Taxes on capital gains

At its core, Biden’s tax plan focuses on increasing taxes for Americans who earn more than $ 400,000 (it’s still unclear whether that’s for families or per person). For example, the plan would raise the highest income tax rate and tax more of their income on Social Security.

And Biden would increase tariffs on millionaires and billionaires more.

For example, he wants to tax long-term capital gains at the same rate as wages for households earning more than $ 1 million per year.

Wealthy Americans currently pay a rate of 37% on wages and a lower rate of 20% on investment income (plus a supplement of 3.8%).

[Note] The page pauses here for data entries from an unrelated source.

Section gradient.
Context {R : realType} {d : nat}.
Implicit Types (g : 'rV[R]_d -> R) (gg : 'rV[R]_d -> 'rV[R]_d) (x y z : 'rV[R]_d).

Definition has_gradient g gg x :=
  differentiable g x /\ forall v, 'd g x v = dotp (gg x) v.

Lemma bregman_three_point g gg x y z :
  dotp (gg y - gg z) (x - z) =
  bregman g gg x z + bregman g gg z y - bregman g gg x y.
Proof.
rewrite /bregman.
have -> : x - y = (x - z) + (z - y) by rewrite addrA subrK.
rewrite dotpBl (dotpDr (x - z)); lra.
Qed.

Lemma is_derive_comp_gradient {g gg} {u : R -> 'rV[R]_d} {t : R} {du} :
  has_gradient g gg (u t) -> is_derive t 1 u du ->
  is_derive t 1 (g \o u) (dotp (gg (u t)) du).
Proof.
move=> [dg dgE] [/derivable1_diffP du_ <-].
have dgu : differentiable (g \o u) t by exact: differentiable_comp.
split; first exact/derivable1_diffP.
have -> : 'D_1 (g \o u) t = 'd g (u t) ('D_1 u t).
  by rewrite deriveE // diff_comp //= [in RHS]deriveE.
exact: dgE.
Qed.

Lemma is_derive_bregman_curve {g gg} x {u : R -> 'rV[R]_d} {t : R} {du dG} :
  has_gradient g gg (u t) -> is_derive t 1 u du -> is_derive t 1 (gg \o u) dG ->
  is_derive t 1 (fun s => bregman g gg x (u s)) (- dotp dG (x - u t)).
Proof.
move=> gradg du_ dG_.
have := is_deriveB (is_deriveB (is_derive_cst (g x) t 1) (is_derive_comp_gradient gradg du_))
  (is_derive_dotp dG_ (is_deriveB (is_derive_cst x t 1) du_)).
move/is_derive_eq; apply.
by rewrite /= !sub0r dotpNr; lra.
Qed.

Lemma bregman_ge0 {S : set 'rV[R]_d} {g gg x y} :
  strictly_convex_on S g -> has_gradient g gg x -> S x -> S y ->
  0 <= bregman g gg y x.
Proof.
move=> g_cvx [dg dgE] Sx Sy.
have [->|/eqP yx] := eqVneq y x.
  by rewrite /bregman !subrr /dotp big1 // => i _; rewrite mxE mulr0.
rewrite /bregman subr_ge0 -dgE -deriveE //.
set v := y - x.
have dv : derivable g x v by exact: diff_derivable.
(* Convexity only controls the chords with 0 < l < 1, hence the right limit. *)
have right_quotient :
    (fun l => l^-1 *: ((g \o shift x) (l *: v) - g x)) @ 0^'+ --> 'D_v g x.
  move=> A /dv /nbhs_ballP [_ /posnumP[e] xe_A].
  by exists e%:num => //= z xe_z /gt_eqF/negbT/xe_A; exact.
apply: (cvgr_to_le right_quotient); near=> l.
have l_gt0 : 0 < l by near: l; exact: nbhs_right_gt.
have l_lt1 : l < 1 by near: l; exact: nbhs_right_lt.
have chord : l *: v + x = l *: y + (1 - l) *: x.
  by rewrite /v scalerBr scalerBl scale1r addrA addrAC.
have := g_cvx y x l Sy Sx yx l_gt0 l_lt1.
rewrite /= /GRing.scale /= chord -[_^-1 * _]mulrC ler_pdivrMr //; lra.
Unshelve. all: by end_near.
Qed.

End gradient.

Section real_calculus.
Context {R : realType}.

Lemma is_derive_expR_mul {b w : R -> R} {t db dw : R} :
  is_derive t 1 b db -> is_derive t 1 w dw ->
  is_derive t 1 (fun s => expR (b s) * w s) (expR (b t) * (db * w t + dw)).
Proof.
move=> [db_ <-] dw_.
have expb : is_derive t 1 (expR \o b) (expR (b t) * 'D_1 b t).
  have Dexp : 'D_1 expR (b t) = expR (b t) := derive_val.
  split; first by apply/derivable1_diffP/differentiable_comp;
    apply/derivable1_diffP => //; exact: derivable_expR.
  by rewrite -derive1E derive1_comp ?derivable_expR // !derive1E Dexp.
have := is_deriveM expb dw_.
move/is_derive_eq; apply.
by rewrite /GRing.scale /=; ring.
Qed.

Lemma nondecreasing_derive_ge0 {f : R -> R} {t : R} :
  {homo f : x y / x <= y} -> derivable f t 1 -> 0 <= 'D_1 f t.
Proof.
move=> ndf df; apply: limr_ge => //.
near=> h.
have : h != 0 by near: h; exact: nbhs_dnbhs_neq.
rewrite /= /GRing.scale /= mulr1 neq_lt => /orP[h0|h0].
- by rewrite nmulr_rge0 ?invr_lt0 // subr_le0 ndf // gerDr ltW.
- by rewrite pmulr_rge0 ?invr_gt0 // subr_ge0 ndf // lerDr ltW.
Unshelve. all: by end_near.
Qed.

Lemma derive_le0_nonincreasing {F : R -> R} :
  (forall t, derivable F t 1) -> (forall t, 'D_1 F t <= 0) ->
  {homo F : s t /~ s <= t}.
Proof.
move=> dF dF_le0 s t st.
apply: (@ler0_derive1_le_cc R F t s) => //.
- by move=> z _; rewrite derive1E.
- by apply: derivable_within_continuous => z _; exact: dF.
- by rewrite in_itv /= lexx st.
- by rewrite in_itv /= lexx st.
Qed.

End real_calculus.

Section bregman_flow.
Context {R : realType} {d : nat}.
Context {Xs : set 'rV[R]_d} {h f : 'rV[R]_d -> R} {gh gf : 'rV[R]_d -> 'rV[R]_d}.
Context {mu : R} {alpha beta : R -> R} {X Z : R -> 'rV[R]_d}.
Implicit Types (x y xstar : 'rV[R]_d) (t : R).

Hypothesis h_cvx : strictly_convex_on Xs h.
Hypothesis h_grad : forall {x}, Xs x -> has_gradient h gh x.
Hypothesis f_grad : forall {x}, Xs x -> has_gradient f gf x.
Hypothesis mu_gt0 : 0 < mu.
Hypothesis f_unif_cvx :
  forall {x y}, Xs x -> Xs y -> mu * bregman h gh x y <= bregman f gf x y.
Hypothesis beta_derivable : forall t, derivable beta t 1.
Hypothesis beta_nondecr : {homo beta : s t / s <= t}.
Hypothesis X_derivable : forall t, derivable X t 1.
Hypothesis X_in : forall t, Xs (X t).
Hypothesis Z_in : forall t, Xs (Z t).
Hypothesis Z_derivable : forall t, derivable Z t 1.
Hypothesis ghZ_derivable : forall t, derivable (gh \o Z) t 1.
Hypothesis X'E : forall t, derive1 X t = expR (alpha t) *: (Z t - X t).
Hypothesis ghZ'E : forall t, derive1 (gh \o Z) t =
  derive1 beta t *: gh (X t) - derive1 beta t *: gh (Z t)
  - (expR (alpha t) / mu) *: gf (X t).

Lemma grad_dotp_minimizer_le0 xstar y :
  Xs xstar -> Xs y -> (forall x, Xs x -> f xstar <= f x) ->
  dotp (gf y) (xstar - y) <= 0.
Proof.
move=> xstar_in y_in xstar_min.
have := f_unif_cvx xstar_in y_in.
have := mulr_ge0 (ltW mu_gt0) (bregman_ge0 h_cvx (h_grad y_in) y_in xstar_in).
have := xstar_min y y_in.
rewrite /bregman; lra.
Qed.

Lemma is_derive_weighted_bregman x t :
  is_derive t 1 (fun s => expR (beta s) * (mu * bregman h gh x (Z s)))
    (expR (beta t) * ('D_1 beta t * (mu * bregman h gh x (Z t))
                     - mu * dotp ('D_1 (gh \o Z) t) (x - Z t))).
Proof.
have dB := is_derive_bregman_curve x (h_grad (Z_in t))
  (derivableP (Z_derivable t)) (derivableP (ghZ_derivable t)).
have dmuB : is_derive t 1 (fun s => mu * bregman h gh x (Z s))
    (mu * - dotp ('D_1 (gh \o Z) t) (x - Z t)) := is_deriveZ mu dB.
have := is_derive_expR_mul (derivableP (beta_derivable t)) dmuB.
move/is_derive_eq; apply.
by rewrite mulrN.
Qed.

Lemma is_derive_weighted_gap x t :
  is_derive t 1 (fun s => expR (beta s) * (f (X s) - f x))
    (expR (beta t) * ('D_1 beta t * (f (X t) - f x) + dotp (gf (X t)) ('D_1 X t))).
Proof.
have dfX := is_derive_comp_gradient (f_grad (X_in t)) (derivableP (X_derivable t)).
have := is_derive_expR_mul (derivableP (beta_derivable t))
  (is_deriveB dfX (is_derive_cst (f x) t 1)).
move/is_derive_eq; apply.
by rewrite subr0.
Qed.

Lemma weighted_energy_derive_le x t : Xs x ->
  (expR (alpha t) - derive1 beta t) * dotp (gf (X t)) (x - X t) <= 0 ->
  derive1 (fun s => expR (beta s) * (mu * bregman h gh x (Z s))) t <=
  - derive1 (fun s => expR (beta s) * (f (X s) - f x)) t.
Proof.
move=> x_in gap.
have [_ DB] := is_derive_weighted_bregman x t.
have [_ DG] := is_derive_weighted_gap x t.
rewrite !derive1E DB DG -!derive1E ghZ'E X'E dotpZr.
set b' := derive1 beta t in gap *; set ea := expR (alpha t) in gap *.
have b'_ge0 : 0 <= b' by rewrite /b' derive1E nondecreasing_derive_ge0.
have flow_term :
    mu * dotp (b' *: gh (X t) - b' *: gh (Z t) - (ea / mu) *: gf (X t)) (x - Z t) =
    b' * mu * dotp (gh (X t) - gh (Z t)) (x - Z t) - ea * dotp (gf (X t)) (x - Z t).
  by rewrite !dotpBl !dotpZl; field; exact: lt0r_neq0.
have split_dir : ea * dotp (gf (X t)) (x - Z t) + ea * dotp (gf (X t)) (Z t - X t) =
    ea * dotp (gf (X t)) (x - X t) by rewrite -mulrDr -dotpDr addrA subrK.
have unif := ler_wpM2l b'_ge0 (f_unif_cvx x_in (X_in t)).
have DZX_ge0 := mulr_ge0 b'_ge0 (mulr_ge0 (ltW mu_gt0)
  (bregman_ge0 h_cvx (h_grad (X_in t)) (X_in t) (Z_in t))).
rewrite -[- (expR _ * _)]mulrN ler_pM2l ?expR_gt0 // flow_term (bregman_three_point h).
rewrite /bregman in unif DZX_ge0 *; lra.
Qed.

Lemma weighted_energy_nonincreasing x : Xs x ->
  (forall t, (expR (alpha t) - derive1 beta t) * dotp (gf (X t)) (x - X t) <= 0) ->
  {homo (fun t => expR (beta t) * (mu * bregman h gh x (Z t) + f (X t) - f x))
    : s t /~ s <= t}.
Proof.
move=> x_in gap.
have -> : (fun t => expR (beta t) * (mu * bregman h gh x (Z t) + f (X t) - f x)) =
    (fun s => expR (beta s) * (mu * bregman h gh x (Z s))) +
    (fun s => expR (beta s) * (f (X s) - f x)).
  by apply/funext => s; rewrite /= -mulrDr addrA.
apply: derive_le0_nonincreasing => t;
  have [dB _] := is_derive_weighted_bregman x t;
  have [dG _] := is_derive_weighted_gap x t.
  exact: derivableD.
have := weighted_energy_derive_le x t x_in (gap t).
rewrite deriveD // !derive1E; lra.
Qed.

End bregman_flow.

Theorem proposition3 (R : realType) (d : nat) (Xs : set 'rV[R]_d)
  (h f : 'rV[R]_d -> R) (gh gf : 'rV[R]_d -> 'rV[R]_d) (mu : R)
  (xstar : 'rV[R]_d) (alpha beta : R -> R) (X : R -> 'rV[R]_d) :
  closed Xs -> convex_set_rV Xs ->
  strictly_convex_on Xs h -> C1_with_gradient Xs h gh ->
  0 < mu ->
  C1_with_gradient Xs f gf ->
  Xs xstar -> (forall x, Xs x -> f xstar <= f x) ->
  (forall x y, Xs x -> Xs y -> mu * bregman h gh x y <= bregman f gf x y) ->
  smooth_fun alpha -> smooth_fun beta ->
  {homo beta : s t / s <= t} ->
  (forall t, derive1 beta t <= expR (alpha t)) ->
  let Z := fun t => X t + expR (- alpha t) *: derive1 X t in
  (forall t, derivable X t 1) ->
  (forall t, Xs (X t)) ->
  (forall t, Xs (Z t)) ->
  (forall t, derivable Z t 1) ->
  (forall t, derivable (gh \o Z) t 1) ->
  (forall t, derive1 (gh \o Z) t =
     derive1 beta t *: gh (X t) - derive1 beta t *: gh (Z t)
     - (expR (alpha t) / mu) *: gf (X t)) ->
  let ineq := fun x t =>
    derive1 (fun s => expR (beta s) * (mu * bregman h gh x (Z s))) t
    <= - derive1 (fun s => expR (beta s) * (f (X s) - f x)) t in
  let E := fun x t =>
    expR (beta t) * (mu * bregman h gh x (Z t) + f (X t) - f x) in
  [/\ (forall t, ineq xstar t),
      ((forall t, derive1 beta t = expR (alpha t)) ->
         forall x, Xs x -> forall t, ineq x t),
      {homo E xstar : s t /~ s <= t} &
      ((forall t, derive1 beta t = expR (alpha t)) ->
         forall x, Xs x -> {homo E x : s t /~ s <= t})].
Proof.
move=> _ _ h_cvx [h_grad _] mu_gt0 [f_grad _] xstar_in xstar_min f_unif _ beta_smooth
  beta_nondecr beta'_le Z X_derivable X_in Z_in Z_derivable ghZ_derivable ghZ'E ineq E.
have beta_derivable t : derivable beta t 1 := beta_smooth 0%N t.
have X'E t : derive1 X t = expR (alpha t) *: (Z t - X t).
  by rewrite /Z [X t + _]addrC addrK scalerA expRxMexpNx_1 scale1r.
have energy_derive_le := weighted_energy_derive_le h_cvx h_grad f_grad mu_gt0
  f_unif beta_derivable beta_nondecr X_derivable X_in Z_in Z_derivable
  ghZ_derivable X'E ghZ'E.
have energy_nonincreasing := weighted_energy_nonincreasing h_cvx h_grad f_grad
  mu_gt0 f_unif beta_derivable beta_nondecr X_derivable X_in Z_in Z_derivable
  ghZ_derivable X'E ghZ'E.
have gap_xstar t :
    (expR (alpha t) - derive1 beta t) * dotp (gf (X t)) (xstar - X t) <= 0.
  rewrite mulr_ge0_le0 ?subr_ge0 //.
  exact: (grad_dotp_minimizer_le0 h_cvx h_grad mu_gt0 f_unif).
have gap_flow (beta'E : forall t, derive1 beta t = expR (alpha t)) x t :
    (expR (alpha t) - derive1 beta t) * dotp (gf (X t)) (x - X t) <= 0.
  by rewrite beta'E subrr mul0r.
split.
- by move=> t; apply: energy_derive_le.
- by move=> beta'E x x_in t; apply: energy_derive_le; last exact: gap_flow.
- exact: energy_nonincreasing.
- by move=> beta'E x x_in; apply: energy_nonincreasing; last exact: gap_flow.
Qed.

The Biden tax plan would increase the capital gains tax for millionaires to 39.6% – the same rate at which the president would tax job income for high earners.

Treasury Secretary Janet Yellen told the Senate in January that this change to capital gains tax was a long-term goal of the Biden government.

“We recognize that our tax system cannot be tilted towards corporate interests and the rich, while those primarily supported by wages bear an unequal burden,” she said in a written statement at her hearing.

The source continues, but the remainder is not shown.